One thing that preoccupies sales managers and directors is the sales bonus scheme. As former frontline salespeople, they know that the incentive plan drives the sales team’s behaviour.

But there is much to consider: the basic/commission percentage; the type of sales activity; quota setting; territory planning; the size of bonuses and “accelerators” and when they kick in; the product/service mix; pricing; negotiation leeway, and so on.

Furthermore, today’s salespeople have to get to grips with an online world which is increasingly where their customers are. As a result, incentives are likely to shift away from the number of cold calls to smart work on the computer.

Glassolutions, a £110m building materials firm, is demonstrating the benefit of rethinking sales reward. Sales director Matthew Curtis’s team have to work across the supply chain on often complex projects.

“We offer a good basic salary of 80 per cent that attracts the right calibre of people and 20 per cent for bonuses to encourage the right behaviours,” he says. “They are set an individual territory target, a target to manage the profitability of that target, both with bonuses, and there is a team performance bonus.”

The high basic is unusual – 60/40 is a more common split in business-to-business sales – but it reflects the amount of time Curtis’s sales teams spend with influencers and the complexity of the products they are selling. While Curtis would like to push the bonus more, he’s pretty happy with last year’s results – 20 per cent growth in new accounts.

Meanwhile, energy firm E.ON has introduced a sales academy to enable sales people to gain accreditation for their training. Such academies were popular back in the 1980s and a number of firms have revived them, realising that career development is once again an important part of the sales reward package.

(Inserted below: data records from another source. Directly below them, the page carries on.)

Lemma quad_tangent_subdisk (p q : R) : p^2 + q^2 < p/2 ->
  in_tangent_subdisk (quad_map (p, q)) (RtoC 1).
Proof.
  intros Ha. assert (Hp : 0 < p < 1/2) by nra.
  apply (tangent_subdisk_of_margin _ (p - q^2 / (1/2 - p))).
  - assert (q^2 / (1/2 - p) < p); [|lra].
    apply Rmult_lt_reg_r with (1/2 - p); [lra|].
    replace (q ^ 2 / (1/2 - p) * (1/2 - p)) with (q^2) by (field; lra). nra.
  - intros z Hz. destruct (quad_map_halfplane p q z ltac:(lra) Hz) as [s [Hs H]].
    exists (Fa p q s). split; [exact H|].
    pose proof (Fa_re_lower p q s ltac:(lra)).
    assert (q^2 / (fst s - p) <= q^2 / (1/2 - p)); [|lra].
    unfold Rdiv. apply Rmult_le_compat_l; [apply pow2_ge_0|].
    apply Rinv_le_contravar; lra.
Qed.

Lemma quad2_tangent_subdisk (p q : R) : p^2 + q^2 = p/2 -> 0 < q^2 ->
  in_tangent_subdisk (fun z => quad_map (p, q) (quad_map (p, q) z)) (RtoC 1).
Proof.
  intros Ha Hq. assert (Hp : 0 < p < 1/2) by nra.
  apply (tangent_subdisk_of_margin _ (delta p q)); [apply delta_pos; assumption|].
  intros z Hz. destruct (quad_map_halfplane p q z ltac:(lra) Hz) as [s [Hs H]].
  pose proof (Fa_re_ge p q s ltac:(lra) Hs).
  exists (Fa p q (Fa p q s)). split.
  - apply quad_map_conj; [exact H | apply dsq_pos; lra].
  - pose proof (Fa2_gain_circle p q s Ha Hq Hs). lra.
Qed.

Lemma quad_minus_one (a : C) : quad_map a (RtoC (-1)) = Cminus (Cmult 4 a) 1.
Proof. unfold quad_map. apply injective_projections; cbn; ring. Qed.

Lemma iterate_fixpoint (f : C -> C) (z : C) (n : nat) : f z = z -> iterate f n z = z.
Proof.
  intro Hz. induction n as [|n IH]; [reflexivity|].
  unfold iterate in *. rewrite Nat.iter_succ, IH. exact Hz.
Qed.

Lemma quad_ELF_interior (p q : R) : p^2 + q^2 < p/2 ->
  ELF_at (quad_map (p, q)) (RtoC 1) (RtoC 1).
Proof.
  intro Ha. assert (Hle : p^2 + q^2 <= p/2) by lra.
  apply (ELF_at_one _ 3).
  - split; [apply holomorphic_quad | intros z Hz; apply quad_selfmap; assumption].
  - apply quad_tangent_subdisk; exact Ha.
  - lra.
  - apply quad_lipschitz; exact Hle.
  - apply quad_one.
  - intros w Hw E. apply (quad_preimage_one p q w Hle); [|exact Hw | exact E].
    intro E'. injection E' as E1 E2. subst. lra.
  - apply third_deriv_quad.
Qed.

(** Part (ii), first half: [phi(1) = 1] and [phi(-1) = 4a - 1] are two
    distinct points of the unit circle. *)
Lemma quad_not_ELF_circle (p q : R) : p^2 + q^2 = p/2 -> (p, q) <> RtoC (1/2) ->
  ~ essentially_linear_fractional (quad_map (p, q)).
Proof.
  intros Ha Hne Helf. assert (Hle : p^2 + q^2 <= p/2) by lra.
  assert (Hlip : forall g, Cmod g = 1 -> lip_at (quad_map (p, q)) g 3)
    by (intros g Hg; apply lip_at_of_lipschitz; [apply quad_lipschitz; exact Hle | lra]).
  assert (E : quad_map (p, q) (RtoC 1) = quad_map (p, q) (RtoC (-1))).
  { apply (ELF_boundary_values_equal _ _ _ 3 3 Cmod_one Cmod_mone).
    - rewrite quad_one. exact Cmod_one.
    - rewrite quad_minus_one. apply Cmod_eq_sqmod; [lra|].
      unfold sqmod, Cminus, Cplus, Copp, Cmult, RtoC; cbn. nra.
    - lra.
    - lra.
    - apply Hlip, Cmod_one.
    - apply Hlip, Cmod_mone.
    - exact Helf. }
  rewrite quad_one, quad_minus_one in E. apply Hne.
  unfold Cminus, Cplus, Copp, Cmult, RtoC in E; cbn in E. injection E as E1 E2.
  apply injective_projections; cbn; lra.
Qed.

Lemma quad2_ELF_circle (p q : R) : p^2 + q^2 = p/2 -> 0 < q^2 ->
  essentially_linear_fractional (fun z => quad_map (p, q) (quad_map (p, q) z)).
Proof.
  intros Ha Hq. assert (Hle : p^2 + q^2 <= p/2) by lra.
  assert (Hne : (p, q) <> RtoC (1/2)) by (intro E; injection E as E1 E2; subst; lra).
  pose proof (quad_maps_closed_disk p q Hle) as Hcl.
  exists (RtoC 1), (RtoC 1). apply (ELF_at_one _ (3 ^ 2)).
  - split; [apply holomorphic_quad2 | intros z Hz; apply quad_selfmap, quad_selfmap; assumption].
  - apply quad2_tangent_subdisk; assumption.
  - lra.
  - exact (iterate_lipschitz _ 3 2 ltac:(lra) Hcl (quad_lipschitz p q Hle)).
  - rewrite !quad_one. reflexivity.
  - intros w Hw E.
    apply (quad_preimage_one p q w Hle Hne Hw), (quad_preimage_one p q _ Hle Hne); [|exact E].
    apply Hcl, Hw.
  - apply third_deriv_quad2.
Qed.

(** Part (iii): for [a = 1/2], every iterate sends both [1] and [-1] to [1]. *)
Lemma quad_half_iterates_not_ELF (n : nat) : (1 <= n)%nat ->
  ~ essentially_linear_fractional (iterate (quad_map (RtoC (1/2))) n).
Proof.
  intros Hn Helf. set (phi := quad_map (RtoC (1/2))).
  assert (Ha : (1/2)^2 + 0^2 <= (1/2)/2) by lra.
  assert (Hfix : iterate phi n (RtoC 1) = 1) by (apply iterate_fixpoint, quad_one).
  assert (Hm : iterate phi n (RtoC (-1)) = 1).
  { destruct n as [|k]; [lia|]. unfold iterate. rewrite Nat.iter_succ_r.
    replace (phi (RtoC (-1))) with (RtoC 1); [apply iterate_fixpoint, quad_one|].
    unfold phi. rewrite quad_minus_one.
    unfold Cminus, Cplus, Copp, Cmult, RtoC. apply injective_projections; cbn; field. }
  assert (Hlip : forall g, Cmod g = 1 -> lip_at (iterate phi n) g (3 ^ n)).
  { intros g Hg. apply lip_at_of_lipschitz; [|lra].
    apply iterate_lipschitz; [lra | apply quad_maps_closed_disk | apply quad_lipschitz]; exact Ha. }
  assert (E : RtoC 1 = RtoC (-1)).
  { apply (ELF_boundary_injective (iterate phi n) _ _ (3 ^ n) (3 ^ n) Cmod_one Cmod_mone).
    - rewrite Hfix. exact Cmod_one.
    - rewrite Hfix, Hm. reflexivity.
    - apply pow_le; lra.
    - apply pow_le; lra.
    - apply Hlip, Cmod_one.
    - apply Hlip, Cmod_mone.
    - exact Helf. }
  injection E. lra.
Qed.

A recent Harvard Business School study suggests peer recognition can be just as important to sales supremos as cash. Researchers found a significant number of sales people at a US software firm were closing deals at the end of the year to make the high achievers award which carried no cash benefit, rather than carrying them over to the next quarter. Some were giving up as much as $30,000 (£19,000) in commission to be top dog.